DataOps is an approach to managing the entire data lifecycle, from data ingestion and processing to analysis and implementation, using Agile and DevOps principles. It involves collaboration between data engineers, data scientists, and business stakeholders to quickly and efficiently develop, test, and deploy data-driven applications. 

At its core, DataOps focuses on automating and simplifying the processes involved in building and deploying data-driven applications. This includes automated testing and deployment, continuous integration and delivery (CI/CD), version control and data quality monitoring. By implementing DataOps, organizations can increase the speed and accuracy of data operations, improve data quality, and reduce the time and cost of data-driven projects.

For example, data teams can use DataOps principles to create pipelines for receiving and processing customer data from a variety of sources, such as social media and online purchases.
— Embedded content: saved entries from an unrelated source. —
(* Let $\Theta$ be a family of portfolio maps $\pi:\Delta_n\to\overline{\Delta}_n$ which is totally bounded with respect to the supremum metric $\|\pi-\eta\|_\infty=\sup_{p\in\Delta_n}|\pi(p)-\eta(p)|$ (Euclidean norm $|\cdot|$), and equip $\Theta$ with the topology of uniform convergence. Suppose that for every $\pi\in\Theta$ the asymptotic growth rate $W(\pi)=\lim_{t\to\infty}\frac1t\log V_\pi(t)$ exists, and that the initial distribution $\nu_0$ (a Borel probability measure on $\Theta$) has full support on $\Theta$. Then the sequence $\{\nu_t\}_{t\ge0}$ of wealth distributions satisfies the large deviation principle on $\Theta$ with rate function $I(\pi)=W^*-W(\pi)$, where $W^*=\sup_{\pi\in\Theta}W(\pi)$.
   Context: Fix $n\ge2$. Let $\Delta_n=\{p\in(0,1)^n:\sum_i p_i=1\}$ be the open unit simplex and $\overline{\Delta}_n=\{p\in[0,1]^n:\sum_i p_i=1\}$ the closed one. The market is an arbitrary deterministic sequence $\{\mu(t)\}_{t\ge0}\subset\Delta_n$ (market weights) such that there is a constant $M>0$ with $\frac1M\le \mu_i(t+1)/\mu_i(t)\le M$ for all $1\le i\le n$, $t\ge0$. A portfolio map is a map $\pi:\Delta_n\to\overline{\Delta}_n$; its relative value is defined by $V_\pi(0)=1$ and $V_\pi(t+1)=V_\pi(t)\sum_{i=1}^n\pi_i(\mu(t))\frac{\mu_i(t+1)}{\mu_i(t)}$. For a family $\Theta$ of portfolio maps (with $(p,\pi)\mapsto\pi(p)$ jointly measurable) and a Borel probability measure $\nu_0$ on $\Theta$ (the initial distribution), set $\widehat V(t)=\int_\Theta V_\pi(t)\,d\nu_0(\pi)$; the wealth distribution at time $t$ is the Borel probability measure $\nu_t(B)=\frac{1}{\widehat V(t)}\int_B V_\pi(t)\,d\nu_0(\pi)$. The support of $\nu_0$ is the smallest closed set of full measure; full support means the support is $\Theta$. Large deviation principle with lower-semicontinuous rate $I:\Theta\to[0,\infty]$: for every closed $F\subset\Theta$, $\limsup_{t\to\infty}\frac1t\log\nu_t(F)\le-\inf_{F}I$, and for every open $G\subset\Theta$, $\liminf_{t\to\infty}\frac1t\log\nu_t(G)\ge-\inf_G I$. *)

From HB Require Import structures.
From mathcomp Require Import all_boot all_order all_algebra.
From mathcomp Require Import all_classical all_reals all_analysis.
From Stdlib Require List.
Set Implicit Arguments. Unset Strict Implicit. Unset Printing Implicit Defensive.
Import Order.TTheory GRing.Theory Num.Theory.
Local Open Scope classical_set_scope.
Local Open Scope ring_scope.

Section Defs.
Variables (R : realType) (n : nat).

Definition open_simplex : set ('I_n -> R) :=
  [set p | (forall i, 0 < p i < 1) /\ \sum_(i < n) p i = 1].
Definition closed_simplex : set ('I_n -> R) :=
  [set p | (forall i, 0 <= p i <= 1) /\ \sum_(i < n) p i = 1].

Definition eucl_dist (x y : 'I_n -> R) : R :=
  Num.sqrt (\sum_(i < n) (x i - y i) ^+ 2).

Definition is_market (mu : nat -> 'I_n -> R) : Prop :=
  (forall t, open_simplex (mu t)) /\
  exists M : R, 0 < M /\ forall i t,
    M^-1 <= mu t.+1 i / mu t i <= M.

(* portfolio map Delta_n -> closed simplex (values off Delta_n are irrelevant) *)
Definition portfolio_map (f : ('I_n -> R) -> ('I_n -> R)) : Prop :=
  forall p, open_simplex p -> closed_simplex (f p).

Fixpoint relval (mu : nat -> 'I_n -> R) (f : ('I_n -> R) -> ('I_n -> R))
    (t : nat) : R :=
  match t with
  | 0%N => 1
  | t'.+1 => relval mu f t' *
             \sum_(i < n) f (mu t') i * (mu t'.+1 i / mu t' i)
  end.

Variables (P : Type) (pi : P -> ('I_n -> R) -> ('I_n -> R)).

Definition udist (a b : P) : R :=
  sup [set eucl_dist (pi a p) (pi b p) | p in open_simplex].

Definition utotally_bounded : Prop :=
  forall e : R, 0 < e -> exists s : seq P,
    forall a, exists2 b, Stdlib.Lists.List.In b s & udist a b < e.

Definition uopen (G : set P) : Prop :=
  forall a, G a -> exists2 e : R, 0 < e & forall b, udist a b < e -> G b.
Definition uclosed (F : set P) : Prop := uopen (~` F).

Definition ulsc (I : P -> R) : Prop :=
  forall a (c : R), c < I a ->
    exists2 e : R, 0 < e & forall b, udist a b < e -> c < I b.

End Defs.

Section Wealth.
Local Open Scope ereal_scope.
Variables (R : realType) (n : nat) (d : measure_display) (P : measurableType d).
Variables (mu : nat -> 'I_n -> R) (pi : P -> ('I_n -> R) -> ('I_n -> R))
  (nu0 : probability P R).

Definition full_support : Prop :=
  forall F : set P, uclosed pi F -> nu0 F = 1 -> F = setT.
This pipeline can include automated data quality checks, data enrichment and feature development, as well as automated testing and deployment to production.



In [1]:
# using data ops to load data from a csv file to postgresql database

In [3]:
import pandas as pd
import psycopg2


In [4]:
!wget https://archive.ics.uci.edu/ml/machine-learning-databases/iris/iris.data


--2023-05-02 08:09:25--  https://archive.ics.uci.edu/ml/machine-learning-databases/iris/iris.data
Resolving archive.ics.uci.edu (archive.ics.uci.edu)... 128.195.10.252
Connecting to archive.ics.uci.edu (archive.ics.uci.edu)|128.195.10.252|:443... connected.
HTTP request sent, awaiting response... 200 OK
Length: 4551 (4.4K) [application/x-httpd-php]
Saving to: ‘iris.data’


2023-05-02 08:09:26 (22.4 MB/s) - ‘iris.data’ saved [4551/4551]



In [5]:
# Define input data schema
input_schema = {
    'sepal_length': float,
    'sepal_width': float,
    'petal_length': float,
    'petal_width': float,
    'class': str
}


In [6]:
# Load data from CSV file into a Pandas dataframe
data = pd.read_csv('iris.data', dtype=input_schema)


In [10]:
# Define new column names
new_columns = ['sepal_length', 'sepal_width', 'petal_length', 'petal_width', 'species']


In [11]:
# Rename the columns of the DataFrame
data.columns = new_columns


In [12]:
data.columns

Index(['sepal_length', 'sepal_width', 'petal_length', 'petal_width',
       'species'],
      dtype='object')

In [13]:
# Clean and transform data as needed
data['sepal_area'] = data['sepal_length'] * data['sepal_width']


In [None]:
# Connect to PostgreSQL database
conn = psycopg2.connect(
    host="localhost",
    database="mydatabase",
    user="myusername",
    password="mypassword"
)


In [None]:
# Create table in PostgreSQL database
with conn.cursor() as cur:
    cur.execute("""
        CREATE TABLE iris (
            sepal_length FLOAT,
            sepal_width FLOAT,
            petal_length FLOAT,
            petal_width FLOAT,
            class VARCHAR(50),
            sepal_area FLOAT
        );
    """)
    conn.commit()


In [None]:
# Load data into PostgreSQL database
with conn.cursor() as cur:
    for _, row in data.iterrows():
        cur.execute("""
            INSERT INTO iris (sepal_length, sepal_width, petal_length, petal_width, class, sepal_area)
            VALUES (%s, %s, %s, %s, %s, %s);
        """, (row['sepal_length'], row['sepal_width'], row['petal_length'], row['petal_width'], row['class'], row['sepal_area']))
    conn.commit()

# Close connection to PostgreSQL database
conn.close()